(* Let $\mathcal{A}$ and $\mathcal{B}$ be unital algebras over a field of characteristic zero, let $\mathcal{M}$ be an $(\mathcal{A},\mathcal{B})$-bimodule which is faithful as a left $\mathcal{A}$-module and as a right $\mathcal{B}$-module, and let $\mathcal{T}=Tri(\mathcal{A},\mathcal{M},\mathcal{B})$ be the associated (unital) triangular algebra, with identity $\mathbf{1}$ and center $Z(\mathcal{T})$. Let $n>1$ be an integer and let $\Psi:\mathcal{T}\to\mathcal{T}$ be a linear mapping satisfying \[ 2\Psi(X^n)=X^{n-1}\Psi(X)+\Psi(X)X^{n-1}\quad\text{for all } X\in\mathcal{T}. \] If $\Psi(\mathbf{1})\in Z(\mathcal{T})$, then $\Psi$ is a two-sided centralizer.
   Context: The triangular algebra $Tri(\mathcal{A},\mathcal{M},\mathcal{B})$ is the set of matrices $\begin{bmatrix} a & m\\ 0 & b\end{bmatrix}$ with $a\in\mathcal{A}$, $m\in\mathcal{M}$, $b\in\mathcal{B}$, under the usual matrix operations. Its center is $Z(\mathcal{T})=\{a\oplus b: a\in Z(\mathcal{A}),\ b\in Z(\mathcal{B}),\ am=mb \text{ for all } m\in\mathcal{M}\}$. An additive map $T:\mathcal{T}\to\mathcal{T}$ is a two-sided centralizer if $T(XY)=T(X)Y=XT(Y)$ for all $X,Y\in\mathcal{T}$. *)

From HB Require Import structures.
From mathcomp Require Import all_boot all_order all_algebra.
Set Implicit Arguments. Unset Strict Implicit. Unset Printing Implicit Defensive.
Import GRing.Theory.
Local Open Scope ring_scope.

(* Triangular algebra Tri(A, M, B): elements are triples (a, m, b), i.e.
   the matrix [[a, m], [0, b]].  The carrier is the product F-module
   A * M * B (MathComp's canonical product lmodType). *)

Section Tri.
Variables (F : fieldType) (A B : algType F) (M : lmodType F).
Variable la : A -> M -> M.
Variable ra : M -> B -> M.

Definition bimodule : Prop :=
  (forall a m1 m2, la a (m1 + m2) = la a m1 + la a m2) /\
      (forall a1 a2 m, la (a1 + a2) m = la a1 m + la a2 m) /\
      (forall a1 a2 m, la (a1 * a2) m = la a1 (la a2 m)) /\
      (forall m, la 1 m = m) /\
      (forall (k : F) a m, la (k *: a) m = k *: la a m /\ la a (k *: m) = k *: la a m) /\
      (forall b m1 m2, ra (m1 + m2) b = ra m1 b + ra m2 b) /\
      (forall b1 b2 m, ra m (b1 + b2) = ra m b1 + ra m b2) /\
      (forall b1 b2 m, ra m (b1 * b2) = ra (ra m b1) b2) /\
      (forall m, ra m 1 = m) /\
      (forall (k : F) b m, ra m (k *: b) = k *: ra m b /\ ra (k *: m) b = k *: ra m b) /\
      (forall a m b, la a (ra m b) = ra (la a m) b).

Definition faithful_left : Prop := forall a, (forall m, la a m = 0) -> a = 0.
Definition faithful_right : Prop := forall b, (forall m, ra m b = 0) -> b = 0.

Definition tri := (A * M * B)%type.

Definition tri_mul (X Y : tri) : tri :=
  let: (a, m, b) := X in let: (a', m', b') := Y in
  (a * a', la a m' + ra m b', b * b').

Definition tri_one : tri := (1, 0, 1).

Definition tri_exp (X : tri) (n : nat) : tri := iter n (tri_mul X) tri_one.

Definition tri_center (Z : tri) : Prop :=
  exists a b, [/\ Z = (a, 0, b),
    (forall x : A, a * x = x * a),
    (forall y : B, b * y = y * b)
  & (forall m, la a m = ra m b)].

(* two-sided centralizer (additivity is part of the linear type) *)
Definition two_sided_centralizer (T : tri -> tri) : Prop :=
  forall X Y, T (tri_mul X Y) = tri_mul (T X) Y /\ tri_mul (T X) Y = tri_mul X (T Y).
End Tri.

From HB Require Import structures.
From mathcomp Require Import all_boot all_order all_algebra.
Set Implicit Arguments. Unset Strict Implicit. Unset Printing Implicit Defensive.
Import GRing.Theory.
Local Open Scope ring_scope.

(* Substitute X = t Y + 1 in the identity.  Both sides are polynomials in the
   scalar t with coefficients in the algebra, and in characteristic zero the
   points t = 0, 1, ..., n are distinct, so a Vandermonde argument lets us
   compare coefficients.  The coefficient of t reads
     2n Psi(Y) = 2 Psi(Y) + (n - 1) (Y Psi(1) + Psi(1) Y),
   which, Psi(1) being central, says Psi(Y) = Psi(1) Y; left multiplication by
   a central element is a two-sided centralizer. *)

Lemma sum_exprZ_eq0 (F : fieldType) (V : lmodType F) N (e : 'I_N -> V) :
  [pchar F] =i pred0 -> (forall t : F, \sum_(j < N) t ^+ j *: e j = 0) ->
  forall k, e k = 0.
Proof.
move=> /pcharf0P charF e_eq0 k.
pose W := Vandermonde N (\row_(j < N) (j%:R : F)).
have W_unit : W \in unitmx.
  rewrite unitmxE det_Vandermonde unitfE; apply/prodf_neq0 => i _.
  apply/prodf_neq0 => j lt_ij; rewrite !mxE -natrB ?(ltnW lt_ij) // charF.
  by rewrite subn_eq0 -ltnNge.
have We_eq0 j : \sum_(l < N) W l j *: e l = 0.
  by rewrite -[RHS](e_eq0 j%:R); apply: eq_bigr => l _; rewrite !mxE.
transitivity (\sum_(l < N) (W *m invmx W) l k *: e l).
  rewrite mulmxV // (bigD1 k) //= big1 => [|l /negbTE nkl].
    by rewrite mxE eqxx scale1r addr0.
  by rewrite mxE nkl scale0r.
under eq_bigr => l _ do rewrite mxE scaler_suml.
rewrite exchange_big big1 //= => j _.
transitivity (invmx W j k *: \sum_(l < N) W l j *: e l).
  by rewrite scaler_sumr; apply: eq_bigr => l _; rewrite scalerA mulrC.
by rewrite We_eq0 scaler0.
Qed.

Lemma pchar0_mulrnI (F : fieldType) (V : lmodType F) k :
  [pchar F] =i pred0 -> (0 < k)%N -> injective (fun v : V => v *+ k).
Proof.
move=> /pcharf0P charF k_gt0 u v /= eq_uv.
by apply: (@scalerI _ _ k%:R); rewrite ?charF -?lt0n //= !scaler_nat.
Qed.

Lemma coef1M (R : nzRingType) (p q : {poly R}) :
  (p * q)`_1 = p`_0 * q`_1 + p`_1 * q`_0.
Proof. by rewrite coefM !big_ord_recl big_ord0 addr0. Qed.

Lemma coef_linear_exp (R : nzRingType) (c : R) k j :
  ((c%:P * 'X + 1) ^+ k)`_j = c ^+ j *+ 'C(k, j).
Proof.
rewrite exprD1n coef_sum.
have cX : GRing.comm c%:P 'X by exact: commr_polyX.
under eq_bigr => i _ do rewrite (exprMn_comm _ cX) -polyC_exp coefMn coefCM coefXn.
rewrite (eq_bigr (fun i : 'I_k.+1 => if i == j :> nat then c ^+ j *+ 'C(k, j) else 0)).
  rewrite -big_mkcond (big_ord1_eq _ (fun=> c ^+ j *+ 'C(k, j))).
  by case: ltnP => // lt_kj; rewrite bin_small ?mulr0n.
by move=> i _; rewrite eq_sym; case: eqP => [->|_]; rewrite ?mulr1 ?mulr0 ?mul0rn.
Qed.

Section HornerAtScalars.
Variable F : fieldType.

Lemma horner_scalar_wide (R : algType F) N (p : {poly R}) (k : F) :
  (size p <= N)%N -> p.[k%:A] = \sum_(i < N) k ^+ i *: p`_i.
Proof.
move=> le_pN; rewrite (horner_coef_wide _ le_pN); apply: eq_bigr => i _.
by rewrite exprZn expr1n mulr_algr.
Qed.

Lemma horner_scalar_map (R S : algType F) (f : {linear R -> S}) p (k : F) :
  (map_poly f p).[k%:A] = f p.[k%:A].
Proof.
have le_fp_p : (size (map_poly f p) <= size p)%N := size_poly _ _.
rewrite (horner_scalar_wide k le_fp_p) (horner_scalar_wide k (leqnn _)) linear_sum.
by apply: eq_bigr => i _; rewrite coef_map linearZ.
Qed.

Lemma poly_scalar_eq0 (R : algType F) (p : {poly R}) :
  [pchar F] =i pred0 -> (forall t : F, p.[t%:A] = 0) -> p = 0.
Proof.
move=> charF p_eq0; apply/polyP => i; rewrite coef0.
have [lt_ip | ] := ltnP i (size p); last exact: nth_default.
pose e (j : 'I_(size p)) := p`_j.
apply: (sum_exprZ_eq0 (e := e) charF _ (Ordinal lt_ip)) => t.
by rewrite -horner_scalar_wide.
Qed.
End HornerAtScalars.

Section JordanPowerIdentity.
Variables (F : fieldType) (R : algType F) (Psi : {linear R -> R}) (n : nat).
Hypothesis charF : [pchar F] =i pred0.
Hypothesis n_gt1 : (1 < n)%N.
Hypothesis Psi_pow : forall X : R,
  Psi (X ^+ n) *+ 2 = X ^+ n.-1 * Psi X + Psi X * X ^+ n.-1.
Hypothesis Psi1_central : forall X : R, Psi 1 * X = X * Psi 1.

Lemma Psi_eq_Psi1_mul Y : Psi Y = Psi 1 * Y.
Proof.
pose P : {poly R} := Y%:P * 'X + 1.
pose Q : {poly R} := (Psi Y)%:P * 'X + (Psi 1)%:P.
have P_at t : P.[t%:A] = t *: Y + 1.
  by rewrite !hornerE_comm mulr_algr.
have Q_at t : Q.[t%:A] = Psi (t *: Y + 1).
  by rewrite hornerD hornerMX !hornerC mulr_algr linearD linearZ.
have comm_at t (p : {poly R}) : comm_poly p t%:A by exact: comm_alg.
have D_eq0 : map_poly Psi (P ^+ n) *+ 2 - (P ^+ n.-1 * Q + Q * P ^+ n.-1) = 0.
  apply: poly_scalar_eq0 => // t.
  rewrite hornerD hornerN hornerMn hornerD !hornerM_comm // horner_scalar_map.
  by rewrite !horner_exp_comm // P_at Q_at Psi_pow subrr.
have := congr1 (fun p : {poly R} => p`_1) D_eq0.
rewrite coef0 coefB coefMn coef_map coefD !coef1M !coef_linear_exp.
rewrite !coefD !coefCM !coefX !coefC /= mulr1 mulr0 add0r addr0.
rewrite expr1 expr0 bin0 !bin1 mulr1n mul1r mulr1 linearMn mulrnAl mulrnAr.
rewrite -Psi1_central; set a := Psi Y; set b := Psi 1 * Y.
have [m n_eq] : exists m, n = m.+2 by exists n.-2; case: n n_gt1 => [|[|]].
rewrite n_eq /= => /eqP; rewrite subr_eq0 => /eqP.
rewrite mulrSr mulrnDl [a + _]addrC -mulr2n mulrnDl => /addIr.
by rewrite -!mulrnA; apply: pchar0_mulrnI.
Qed.

Lemma Psi_two_sided_centralizer X Y : Psi (X * Y) = Psi X * Y /\ Psi X * Y = X * Psi Y.
Proof.
rewrite (Psi_eq_Psi1_mul (X * Y)) (Psi_eq_Psi1_mul X) (Psi_eq_Psi1_mul Y) !mulrA.
by split; last rewrite Psi1_central.
Qed.
End JordanPowerIdentity.

Section TriangularAlgebra.
Variables (F : fieldType) (A B : algType F) (M : lmodType F).
Variables (la : A -> M -> M) (ra : M -> B -> M).
Hypotheses
  (laDr : forall a m1 m2, la a (m1 + m2) = la a m1 + la a m2)
  (laDl : forall a1 a2 m, la (a1 + a2) m = la a1 m + la a2 m)
  (laM : forall a1 a2 m, la (a1 * a2) m = la a1 (la a2 m))
  (la1 : forall m, la 1 m = m)
  (laZ : forall (k : F) a m, la (k *: a) m = k *: la a m /\ la a (k *: m) = k *: la a m)
  (raDl : forall b m1 m2, ra (m1 + m2) b = ra m1 b + ra m2 b)
  (raDr : forall b1 b2 m, ra m (b1 + b2) = ra m b1 + ra m b2)
  (raM : forall b1 b2 m, ra m (b1 * b2) = ra (ra m b1) b2)
  (ra1 : forall m, ra m 1 = m)
  (raZ : forall (k : F) b m, ra m (k *: b) = k *: ra m b /\ ra (k *: m) b = k *: ra m b)
  (lara : forall a m b, la a (ra m b) = ra (la a m) b).

Lemma la0r a : la a 0 = 0.
Proof. by apply: (addrI (la a 0)); rewrite -laDr !addr0. Qed.

Lemma ra0l b : ra 0 b = 0.
Proof. by apply: (addrI (ra 0 b)); rewrite -raDl !addr0. Qed.

(* The algebra structure on [tri_alg] depends on [la], [ra] and the bimodule
   axioms, so it is only usable inside this section. *)
Definition tri_alg : Type := tri A B M.
HB.instance Definition _ := GRing.Lmodule.on tri_alg.

Let mul : tri_alg -> tri_alg -> tri_alg := tri_mul la ra.
Let one : tri_alg := tri_one A B M.

Lemma tri_mulA : associative mul.
Proof.
move=> [[a1 m1] b1] [[a2 m2] b2] [[a3 m3] b3].
by rewrite /mul /= !mulrA laDr raDl laM raM lara addrA.
Qed.

Lemma tri_mul1r : left_id one mul.
Proof. by move=> [[a m] b]; rewrite /mul /one /= !mul1r la1 ra0l addr0. Qed.

Lemma tri_mulr1 : right_id one mul.
Proof. by move=> [[a m] b]; rewrite /mul /one /= !mulr1 ra1 la0r add0r. Qed.

Lemma tri_mulDl : left_distributive mul +%R.
Proof.
move=> [[a1 m1] b1] [[a2 m2] b2] [[a3 m3] b3].
by rewrite /mul /= !mulrDl laDl raDl addrACA.
Qed.

Lemma tri_mulDr : right_distributive mul +%R.
Proof.
move=> [[a1 m1] b1] [[a2 m2] b2] [[a3 m3] b3].
by rewrite /mul /= !mulrDr laDr raDr addrACA.
Qed.

Lemma tri_one_neq0 : one != 0.
Proof. by apply/negP => /eqP[/eqP]; rewrite oner_eq0. Qed.

Let triZ (k : F) a m b : k *: ((a, m, b) : tri_alg) = (k *: a, k *: m, k *: b).
Proof. by []. Qed.

Lemma tri_scalerAl (k : F) (X Y : tri_alg) : k *: mul X Y = mul (k *: X) Y.
Proof.
move: X Y => [[a1 m1] b1] [[a2 m2] b2].
by rewrite /mul /= !triZ -!scalerAl (laZ _ _ _).1 (raZ _ _ _).2 scalerDr.
Qed.

Lemma tri_scalerAr (k : F) (X Y : tri_alg) : k *: mul X Y = mul X (k *: Y).
Proof.
move: X Y => [[a1 m1] b1] [[a2 m2] b2].
by rewrite /mul /= !triZ -!scalerAr (laZ _ _ _).2 (raZ _ _ _).1 scalerDr.
Qed.

HB.instance Definition _ := GRing.Zmodule_isNzRing.Build tri_alg
  tri_mulA tri_mul1r tri_mulr1 tri_mulDl tri_mulDr tri_one_neq0.

HB.instance Definition _ := GRing.Lmodule_isLalgebra.Build F tri_alg tri_scalerAl.
HB.instance Definition _ := GRing.Lalgebra_isAlgebra.Build F tri_alg tri_scalerAr.

Lemma tri_expE (X : tri_alg) k : tri_exp la ra X k = X ^+ k.
Proof. by elim: k => // k IHk; rewrite exprS -IHk. Qed.

Lemma tri_center_comm (Z : tri_alg) :
  tri_center la ra Z -> forall X : tri_alg, Z * X = X * Z.
Proof.
move=> [a [b [-> a_central b_central la_ra]]] [[x1 m] x3].
by rewrite /GRing.mul /= a_central b_central ra0l la0r addr0 add0r la_ra.
Qed.

Lemma tri_two_sided_centralizer n (Psi : {linear tri A B M -> tri A B M}) :
  [pchar F] =i pred0 -> (1 < n)%N ->
  (forall X, Psi (tri_exp la ra X n) *+ 2 =
     tri_mul la ra (tri_exp la ra X n.-1) (Psi X) +
     tri_mul la ra (Psi X) (tri_exp la ra X n.-1)) ->
  tri_center la ra (Psi (tri_one A B M)) ->
  two_sided_centralizer la ra Psi.
Proof.
move=> charF n_gt1 Psi_pow /tri_center_comm Psi1_central X Y.
apply: (@Psi_two_sided_centralizer F tri_alg Psi n) => // {}X.
by rewrite -!tri_expE.
Qed.
End TriangularAlgebra.

Theorem corollary2p5 (F : fieldType) (A B : algType F) (M : lmodType F)
  (la : A -> M -> M) (ra : M -> B -> M) (n : nat)
  (Psi : {linear tri A B M -> tri A B M}) :
  [pchar F] =i pred0 ->
  bimodule la ra -> faithful_left la -> faithful_right ra ->
  (1 < n)%N ->
  (forall X : tri A B M,
     Psi (tri_exp la ra X n) *+ 2 =
     tri_mul la ra (tri_exp la ra X n.-1) (Psi X) +
     tri_mul la ra (Psi X) (tri_exp la ra X n.-1)) ->
  tri_center la ra (Psi (tri_one A B M)) ->
  two_sided_centralizer la ra Psi.
Proof.
move=> charF [laDr [laDl [laM [la1 [laZ [raDl [raDr [raM [ra1 [raZ lara]]]]]]]]]] _ _.
exact: (tri_two_sided_centralizer laDr laDl laM la1 laZ raDl raDr raM ra1 raZ lara).
Qed.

□ □ □ □ □ □ □

• **WORK ITEM**: Only the lines above from the line containing "let: (a, m, b)" through the line containing "Definition two_sided_centralizer (T" should be retyped, exactly and with both ends included.

• **TASK SOLUTION**:
  let: (a, m, b) := X in let: (a', m', b') := Y in
  (a * a', la a m' + ra m b', b * b').

Definition tri_one : tri := (1, 0, 1).

Definition tri_exp (X : tri) (n : nat) : tri := iter n (tri_mul X) tri_one.

Definition tri_center (Z : tri) : Prop :=
  exists a b, [/\ Z = (a, 0, b),
    (forall x : A, a * x = x * a),
    (forall y : B, b * y = y * b)
  & (forall m, la a m = ra m b)].

(* two-sided centralizer (additivity is part of the linear type) *)
Definition two_sided_centralizer (T : tri -> tri) : Prop :=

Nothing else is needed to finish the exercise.